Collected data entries
────────────────────────────────────────
(* Let $U$ be an $n\times n$ unitary matrix. Suppose $W$ is an $n\times n$ unitary matrix such that $U = W U' W^*$, where $$U' = \operatorname{diag}\Big( \begin{bmatrix}\xi_1 I_{n_1} & 0\\ 0 & \overline{\xi_1} I_{n_1}\end{bmatrix}, \ldots, \begin{bmatrix}\xi_d I_{n_d} & 0\\ 0 & \overline{\xi_d} I_{n_d}\end{bmatrix}, \begin{bmatrix} I_\ell & 0\\ 0 & -I_k\end{bmatrix}\Big),$$ with $n_1,\dots,n_d\ge 1$, $\ell,k\ge 0$, $2n_1+\cdots+2n_d+\ell+k = n$, and $\xi_1,\dots,\xi_d \in \mathbb{T}\setminus\{1,-1\}$ such that $\xi_1,\dots,\xi_d,\overline{\xi_1},\dots,\overline{\xi_d}$ are pairwise distinct (blocks $I_\ell$ or $-I_k$ are absent when $\ell=0$ or $k=0$). Then every conjugation $C$ on $\mathbb{C}^n$ with $CUC = U$ has the form $$C = W\, \operatorname{diag}\Big( \begin{bmatrix} 0 & V_1\\ V_1^t & 0\end{bmatrix}, \ldots, \begin{bmatrix} 0 & V_d\\ V_d^t & 0\end{bmatrix}, \begin{bmatrix} Q_\ell & 0\\ 0 & Q_k\end{bmatrix}\Big)\, J\, W^*,$$ where each $V_j$ is an $n_j\times n_j$ unitary matrix, $Q_\ell$ and $Q_k$ are $\ell\times\ell$ and $k\times k$ unitary matrices with $Q_\ell^t = Q_\ell$ and $Q_k^t = Q_k$ (absent when $\ell=0$, resp. $k=0$), and $J$ is the conjugation on $\mathbb{C}^n$ given by $J[x_1,\dots,x_n]^t = [\overline{x_1},\dots,\overline{x_n}]^t$.
   Context: A conjugation on $\mathbb{C}^n$ is an antilinear, isometric map $C$ with $C^2=I$. $I_m$ denotes the $m\times m$ identity matrix, $^t$ denotes transpose, $\mathbb{T}$ is the unit circle, and $\operatorname{diag}(\cdot)$ denotes a block diagonal matrix. *)

From HB Require Import structures.
From mathcomp Require Import all_boot all_order all_algebra sesquilinear spectral.
Set Implicit Arguments. Unset Strict Implicit. Unset Printing Implicit Defensive.
Import Order.TTheory GRing.Theory Num.Theory.
Local Open Scope ring_scope.

Definition Jmap (C : numClosedFieldType) n (x : 'cV[C]_n) : 'cV[C]_n := map_mx Num.conj x.

Definition cnorm2 (C : numClosedFieldType) n (x : 'cV[C]_n) : C :=
  \sum_(i < n) `|x i 0| ^+ 2.

Definition conjugation (C : numClosedFieldType) n (f : 'cV[C]_n -> 'cV[C]_n) : Prop :=
  [/\ (forall (a : C) (x y : 'cV[C]_n), f (a *: x + y) = a^* *: f x + f y),
      (forall x, cnorm2 (f x) = cnorm2 x) &
      (forall x, f (f x) = x)].

Definition Uprime (C : numClosedFieldType) (d : nat) (nn : 'I_d -> nat) (xi : 'I_d -> C)
    (l k : nat) : 'M[C]_(\sum_(j < d) (nn j + nn j) + (l + k)) :=
  block_mx (\mxdiag_(j < d) block_mx ((xi j)%:M : 'M_(nn j)) 0 0 (((xi j)^*)%:M : 'M_(nn j)))
           0 0
           (block_mx (1%:M : 'M_l) 0 0 ((-1)%:M : 'M_k)).

Definition Dmx (C : numClosedFieldType) (d : nat) (nn : 'I_d -> nat)
    (V : forall j : 'I_d, 'M[C]_(nn j)) (l k : nat) (Ql : 'M[C]_l) (Qk : 'M[C]_k)
    : 'M[C]_(\sum_(j < d) (nn j + nn j) + (l + k)) :=
  block_mx (\mxdiag_(j < d) block_mx (0 : 'M_(nn j)) (V j) (V j)^T 0)
           0 0
           (block_mx Ql 0 0 Qk).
────────────────────────────────────────
**REQUIREMENT**.
Restate word for word the lines above, beginning with the one that contains "Definition cnorm2 (C" and ending with the last line.

**RESPONSE BELOW**.
Definition cnorm2 (C : numClosedFieldType) n (x : 'cV[C]_n) : C :=
  \sum_(i < n) `|x i 0| ^+ 2.

Definition conjugation (C : numClosedFieldType) n (f : 'cV[C]_n -> 'cV[C]_n) : Prop :=
  [/\ (forall (a : C) (x y : 'cV[C]_n), f (a *: x + y) = a^* *: f x + f y),
      (forall x, cnorm2 (f x) = cnorm2 x) &
      (forall x, f (f x) = x)].

Definition Uprime (C : numClosedFieldType) (d : nat) (nn : 'I_d -> nat) (xi : 'I_d -> C)
    (l k : nat) : 'M[C]_(\sum_(j < d) (nn j + nn j) + (l + k)) :=
  block_mx (\mxdiag_(j < d) block_mx ((xi j)%:M : 'M_(nn j)) 0 0 (((xi j)^*)%:M : 'M_(nn j)))
           0 0
           (block_mx (1%:M : 'M_l) 0 0 ((-1)%:M : 'M_k)).

Definition Dmx (C : numClosedFieldType) (d : nat) (nn : 'I_d -> nat)
    (V : forall j : 'I_d, 'M[C]_(nn j)) (l k : nat) (Ql : 'M[C]_l) (Qk : 'M[C]_k)
    : 'M[C]_(\sum_(j < d) (nn j + nn j) + (l + k)) :=
  block_mx (\mxdiag_(j < d) block_mx (0 : 'M_(nn j)) (V j) (V j)^T 0)
           0 0
           (block_mx Ql 0 0 Qk).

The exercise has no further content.